In this area, it is necessary to classify the problems in order of importance so that greater protection can be given to the major interests.
JOINT dissenting opinion of Judges Bernhardt and Spielmann
We are unable to share the opinion of the majority that there has been no violation of Article 14 of the Convention taken together with Article 8 in the present case. The different treatment of fathers and mothers as regards parental leave allowances in 1989 was in our view not compatible with the basic principle that both sexes must be treated equally by the State.
In paragraph 37 the judgment correctly states, following previous decisions of the Court:
“… the advancement of the equality of the sexes is today a major goal in the member States of the Council of Europe and very weighty reasons would be needed for such a difference in treatment to be regarded as compatible with the Convention…”
We do not see any such weighty reasons here. It is in reality the traditional distribution of family responsibilities between mothers and fathers that gave rise to the Austrian legislation under which only mothers were entitled to parental leave allowance. The discrimination against fathers perpetuates this traditional distribution of roles and can also have negative consequences for the mother; if she continues her professional activity and agrees that the father stay at home, the family loses the parental leave allowance to which it would be entitled if she stayed at home.

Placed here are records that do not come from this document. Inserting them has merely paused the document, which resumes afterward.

(* Occurrence of the endhered pattern 21: two arcs (i+1, j+2), (i+2, j+1). *)
Definition has_endhered21 n (M : {set arc n}) : bool :=
  [exists x in M, exists y in M,
     (val y.1 == (val x.1).+1) && (val x.2 == (val y.2).+1)].

Definition a0 n : nat :=
  #|[set M : {set arc n} | is_matching M && ~~ has_endhered21 M]|.

Fixpoint dfact (m : nat) : nat :=
  match m with
  | 0 => 1
  | 1 => 1
  | (k.+2) as m' => m' * dfact k
  end.

From Pilot Require Import Defs.
From mathcomp Require Import all_boot all_order all_algebra.
From mathcomp Require Import zify ring.
Set Implicit Arguments. Unset Strict Implicit. Unset Printing Implicit Defensive.

(* A matching on 2n points is encoded as a fixed-point-free involution of
   'I_(2n).  Let P(m, t) be the set of such involutions on m points with
   exactly t occurrences of 21.  Next to an opener a, with partner b, insert
   the parallel arc (a+1, b+1): the two arcs form a new occurrence of 21 and
   the other occurrences survive, so their number grows by exactly one; removing
   the inner arc of a marked occurrence undoes this.  Counting marked pairs
   on both sides, with m/2 openers per involution, gives
   (t+1) |P(m+2, t+1)| = (m/2) |P(m, t)|, hence
   |P(2N+2, t)| = C(N, t) a_{N+1-t,0}.  Summing over t, the total
   (2N+1)!! of all matchings on 2N+2 points is \sum_j C(N, j) a_{j+1,0},
   and binomial inversion yields the formula. *)

Lemma card_in_bij (T U : finType) (A : {set T}) (B : {set U}) (f : T -> U) (g : U -> T) :
  {in A, forall x, f x \in B} -> {in B, forall y, g y \in A} ->
  {in A, cancel f g} -> {in B, cancel g f} -> #|A| = #|B|.
Proof.
move=> fAB gBA fK gK; rewrite -(card_in_imset (can_in_inj fK)).
suff -> : f @: A = B by [].
apply/setP => y; apply/imsetP/idP => [[x xA ->]|yB]; first exact: fAB.
by exists (g y); rewrite ?gK ?gBA.
Qed.

Lemma card_set_pairs (T U : finType) (P : pred T) (Q : T -> pred U) :
  #|[set p : T * U | P p.1 && Q p.1 p.2]| = \sum_(x | P x) #|[set y | Q x y]|.
Proof.
rewrite -sum1_card (eq_bigl (fun p : T * U => P p.1 && Q p.1 p.2)) => [|p]; last by rewrite inE.
rewrite -(pair_big_dep P Q (fun _ _ => 1)); apply: eq_bigr => x _.
by rewrite -sum1_card; apply: eq_bigl => y; rewrite inE.
Qed.

Lemma card_set_ord k (b : pred nat) : #|[set i : 'I_k | b i]| = \sum_(i < k) b i.
Proof. by rewrite -sum1_card big_mkcond; apply: eq_bigr => i _; rewrite inE; case: (b i). Qed.

(* For u < v, [bump2 u v] enumerates nat minus {u, v} increasingly. *)
Definition bump2 u v x := bump u (bump v.-1 x).
Definition unbump2 u v y := unbump v.-1 (unbump u y).

Ltac bump2_arith := unfold bump2, unbump2, bump, unbump; lia.

Section Bump2.
Variables u v : nat.
Hypothesis ltuv : u < v.

Lemma bump2_neq_l x : bump2 u v x != u. Proof. bump2_arith. Qed.
Lemma bump2_neq_r x : bump2 u v x != v. Proof. bump2_arith. Qed.
Lemma bump2_small x : x < u -> bump2 u v x = x. Proof. bump2_arith. Qed.
Lemma bump2K : cancel (bump2 u v) (unbump2 u v). Proof. move=> x; bump2_arith. Qed.
Lemma unbump2K y : y != u -> y != v -> bump2 u v (unbump2 u v y) = y.
Proof. bump2_arith. Qed.
Lemma bump2_inj : injective (bump2 u v). Proof. exact: can_inj bump2K. Qed.
Lemma ltn_bump2 x y : (bump2 u v x < bump2 u v y) = (x < y). Proof. bump2_arith. Qed.
Lemma ltn_bump2_bound m x : v < m.+2 -> (bump2 u v x < m.+2) = (x < m).
Proof. bump2_arith. Qed.
Lemma unbump2_bound m y : v < m.+2 -> y < m.+2 -> y != u -> y != v -> unbump2 u v y < m.
Proof. bump2_arith. Qed.
Lemma bump2S x : x.+1 != u -> x.+2 != v -> bump2 u v x.+1 = (bump2 u v x).+1.
Proof. bump2_arith. Qed.
Lemma bump2_eqS y z :
  (bump2 u v z == (bump2 u v y).+1) = [&& z == y.+1, y.+1 != u & y.+2 != v].
Proof. bump2_arith. Qed.

Lemma sum_bump2 m (phi : nat -> nat) : v < m.+2 ->
  \sum_(i < m.+2) phi i = phi u + phi v + \sum_(x < m) phi (bump2 u v x).
Proof.
move=> ltvm; have ltum : u < m.+2 by lia.
have ltvm' : v.-1 < m.+1 by lia.
rewrite (bigD1_ord (Ordinal ltum)) //= (bigD1_ord (Ordinal ltvm')) //= addnA.
by congr (_ + phi _ + _); rewrite /bump; lia.
Qed.

End Bump2.

Definition fpf_involution m (F : nat -> nat) :=
  forall x, x < m -> [/\ F x < m, F (F x) = x & F x != x].

(* [insert_arc u v G] adds the arc (u, v) to G, relabelling the old points by
   [bump2 u v]; [remove_arc u F] deletes the arc at u and relabels back. *)
Definition insert_arc u v (G : nat -> nat) y :=
  if y == u then v else if y == v then u else bump2 u v (G (unbump2 u v y)).
Definition remove_arc u (F : nat -> nat) x := unbump2 u (F u) (F (bump2 u (F u) x)).

Lemma eq_fpf_involution m F G :
  (forall x, x < m -> F x = G x) -> fpf_involution m F -> fpf_involution m G.
Proof. by move=> eFG hF x ltxm; have [? ? ?] := hF x ltxm; rewrite -!eFG. Qed.

Lemma fpf_involution_eq m G x y : fpf_involution m G -> x < m -> y < m ->
  (G x == y) = (x == G y).
Proof.
move=> hG ltxm ltym; have [_ GGx _] := hG x ltxm; have [_ GGy _] := hG y ltym.
by apply/eqP/eqP => [<-|->].
Qed.

Lemma insert_arc_l u v G : insert_arc u v G u = v.
Proof. by rewrite /insert_arc eqxx. Qed.

Lemma insert_arc_r u v G : u < v -> insert_arc u v G v = u.
Proof. by move=> ltuv; rewrite /insert_arc eqxx gtn_eqF. Qed.

Lemma insert_arc_bump2 u v G x : u < v -> insert_arc u v G (bump2 u v x) = bump2 u v (G x).
Proof.
by move=> ltuv; rewrite /insert_arc (negbTE (bump2_neq_l _ _)) ?(negbTE (bump2_neq_r _ _)) ?bump2K.
Qed.

Lemma insert_arcK u v G x : u < v -> remove_arc u (insert_arc u v G) x = G x.
Proof. by move=> ltuv; rewrite /remove_arc insert_arc_l insert_arc_bump2 // bump2K. Qed.

Section InsertRemove.
Variable m : nat.

Lemma insert_arc_fpf u v G : u < v -> v < m.+2 ->
  fpf_involution m G -> fpf_involution m.+2 (insert_arc u v G).
Proof.
move=> ltuv ltvm hG y ltym.
have [->|neyu] := eqVneq y u; first by rewrite insert_arc_l (insert_arc_r _ ltuv); split; lia.
have [->|neyv] := eqVneq y v; first by rewrite (insert_arc_r _ ltuv) insert_arc_l; split; lia.
rewrite -(unbump2K ltuv neyu neyv) !insert_arc_bump2 //.
have [ltGm GGx neGx] := hG _ (unbump2_bound ltuv ltvm ltym neyu neyv).
by rewrite ltn_bump2_bound // GGx (inj_eq (bump2_inj ltuv)).
Qed.

Lemma insert_arc_eq u v G1 G2 y : u < v -> v < m.+2 ->
  (forall x, x < m -> G1 x = G2 x) -> y < m.+2 -> insert_arc u v G1 y = insert_arc u v G2 y.
Proof.
move=> ltuv ltvm eG ltym; rewrite /insert_arc.
by case: eqP => // /eqP neyu; case: eqP => // /eqP neyv; rewrite eG // unbump2_bound.
Qed.

Lemma remove_arc_eq u F1 F2 x : u < m.+2 -> u < F1 u -> F1 u < m.+2 ->
  (forall y, y < m.+2 -> F1 y = F2 y) -> x < m -> remove_arc u F1 x = remove_arc u F2 x.
Proof.
move=> ltum ltuF ltFm eF ltxm.
by rewrite /remove_arc -eF // -eF // ltn_bump2_bound.
Qed.

Section Remove.
Variables (u : nat) (F : nat -> nat).
Hypotheses (ltum : u < m.+2) (ltuF : u < F u) (hF : fpf_involution m.+2 F).

Let v := F u.
Let ltvm : v < m.+2. Proof. by have [] := hF ltum. Qed.
Let FFu : F v = u. Proof. by have [] := hF ltum. Qed.

Let F_bump2 x : x < m ->
  [/\ bump2 u v x < m.+2, F (bump2 u v x) != u & F (bump2 u v x) != v].
Proof.
move=> ltxm; have ltbm : bump2 u v x < m.+2 by rewrite ltn_bump2_bound.
have [_ FFx _] := hF ltbm.
split=> //; apply/eqP => eFx; move: FFx; rewrite eFx ?FFu => exFx.
- by move: (bump2_neq_r ltuF x); rewrite -exFx eqxx.
- by move: (bump2_neq_l ltuF x); rewrite -exFx eqxx.
Qed.

Lemma remove_arc_fpf : fpf_involution m (remove_arc u F).
Proof.
move=> x ltxm; have [ltbm neFu neFv] := F_bump2 ltxm.
have [ltFm FFx neFx] := hF ltbm.
rewrite /remove_arc -/v (unbump2K ltuF) // FFx (bump2K ltuF); split=> //.
- exact: unbump2_bound.
- apply: contraNneq neFx => ex.
  by rewrite -{2}ex (unbump2K ltuF).
Qed.

Lemma remove_arcK y : y < m.+2 -> insert_arc u v (remove_arc u F) y = F y.
Proof.
move=> ltym.
have [->|neyu] := eqVneq y u; first by rewrite insert_arc_l.
have [->|neyv] := eqVneq y v; first by rewrite (insert_arc_r _ ltuF).
rewrite -(unbump2K ltuF neyu neyv) (insert_arc_bump2 _ _ ltuF).
have [_ neFu neFv] := F_bump2 (unbump2_bound ltuF ltvm ltym neyu neyv).
by rewrite /remove_arc -/v (unbump2K ltuF).
Qed.

End Remove.
End InsertRemove.

(* The arcs starting at i and i.+1 form the pattern 21 (points are 0-based). *)
Definition occ21 m F i := [&& i.+1 < m, i.+1 < F i.+1 & F i == (F i.+1).+1].
Definition nocc21 m F := \sum_(i < m) occ21 m F i.

Lemma eq_occ21 m F G i : (forall x, x < m -> F x = G x) -> occ21 m F i = occ21 m G i.
Proof. by move=> eFG; rewrite /occ21; case: ltnP => //= ltim; rewrite !eFG //; lia. Qed.

Lemma eq_nocc21 m F G : (forall x, x < m -> F x = G x) -> nocc21 m F = nocc21 m G.
Proof. by move=> eFG; apply: eq_bigr => i _; rewrite (eq_occ21 _ eFG). Qed.

Section InsertParallel.
Variables (m : nat) (G : nat -> nat) (a : nat).
Hypotheses (hG : fpf_involution m G) (ltam : a < m) (ltaG : a < G a).

Let b := G a.
Let u := a.+1.
Let v := b.+1.
Let H := insert_arc u v G.
Let ltuv : u < v. Proof. by rewrite /u /v. Qed.
Let ltbm : b < m. Proof. by have [] := hG ltam. Qed.
Let ltvm : v < m.+2. Proof. by rewrite /v ltnS ltnW. Qed.
Let Gb : G b = a. Proof. by have [] := hG ltam. Qed.
Let Hu : H u = v. Proof. exact: insert_arc_l. Qed.
Let Hv : H v = u. Proof. exact: insert_arc_r G ltuv. Qed.
Let H_bump2 x : H (bump2 u v x) = bump2 u v (G x). Proof. exact: insert_arc_bump2 G x ltuv. Qed.

Lemma occ21_insert_parallel : occ21 m.+2 H a.
Proof.
rewrite /occ21 -/u Hu -{1}(bump2_small ltuv (_ : a < u)) // H_bump2 -/b.
suff -> : bump2 u v b = v.+1 by rewrite /u /v; lia.
bump2_arith.
Qed.

Lemma occ21_insert_closer : occ21 m.+2 H v = false.
Proof. rewrite /occ21 Hv /u; lia. Qed.

Lemma occ21_insert_opener : occ21 m.+2 H u = occ21 m G a.
Proof.
rewrite /occ21 Hu -/u -/b.
have [ebu|nebu] := eqVneq b u.
  have euv : u.+1 = v by rewrite /v ebu.
  by rewrite euv Hv -[in G u]ebu Gb /v ebu /u; lia.
rewrite (_ : u.+1 = bump2 u v u) ?H_bump2; last bump2_arith.
bump2_arith.
Qed.

Lemma occ21_insert_bump2 x : x < m -> x != a -> occ21 m.+2 H (bump2 u v x) = occ21 m G x.
Proof.
move=> ltxm nexa.
have [exb|nexb] := eqVneq x.+2 v.
  rewrite /occ21 (_ : (bump2 u v x).+1 = v) ?Hv; last bump2_arith.
  by rewrite (_ : x.+1 = b) ?Gb /u; lia.
have nex1u : x.+1 != u by rewrite /u eqSS.
rewrite /occ21 -(bump2S ltuv) // !H_bump2 !(ltn_bump2_bound ltuv) // (ltn_bump2 ltuv).
rewrite (bump2_eqS ltuv).
case ltx1m: (x.+1 < m) => //=.
have e1 := fpf_involution_eq hG ltx1m ltam.
have e2 := fpf_involution_eq hG ltxm ltbm.
rewrite -/b Gb in e1 e2; rewrite /u /v; lia.
Qed.

Lemma nocc21_insert_parallel : nocc21 m.+2 H = (nocc21 m G).+1.
Proof.
rewrite /nocc21 (sum_bump2 ltuv (fun i => occ21 m.+2 H i : nat) ltvm).
rewrite occ21_insert_closer occ21_insert_opener addn0.
rewrite (bigD1 (Ordinal ltam)) //= [in RHS](bigD1 (Ordinal ltam)) //=.
rewrite bump2_small ?occ21_insert_parallel //.
rewrite (eq_bigr (fun i : 'I_m => occ21 m G i : nat)); first lia.
by move=> i nei; rewrite occ21_insert_bump2.
Qed.

End InsertParallel.

(* Finite functions are handled through their extension by the identity to
   nat, on which the arc surgery above is defined. *)
Definition natf m (f : {ffun 'I_m -> 'I_m}) x : nat :=
  if (insub x : option 'I_m) is Some i then val (f i) else x.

It is correct that States are under no obligation to pay any parental leave allowance, but if they do so, traditional practices and roles in family life alone do not justify a difference in treatment of men and women. The reference to the situation in other European States and to the lack of uniform practice is not conclusive. The Commission correctly stated in its report that there are different social-security systems in the European States, and a State, when opting for one system, is not permitted to grant benefits in a discriminatory manner.
[1] . This summary by the registry does not bind the Court.
[2] Notes by the Registrar
. The case is numbered 156/1996/775/976. The first number is the case’s position on the list of cases referred to the Court in the relevant year (second number). The last two numbers indicate the case’s position on the list of cases referred to the Court since its creation and on the list of the corresponding originating applications to the Commission.
[3] . Rules of Court B, which came into force on 2 October 1994, apply to all cases concerning States bound by Protocol No. 9.
[4] 1. Note by the Registrar . For practical reasons this annex will appear only with the printed version of the judgment (in Reports of Judgments and Decisions 1998), but a copy of the Commission’s report is obtainable from the registry.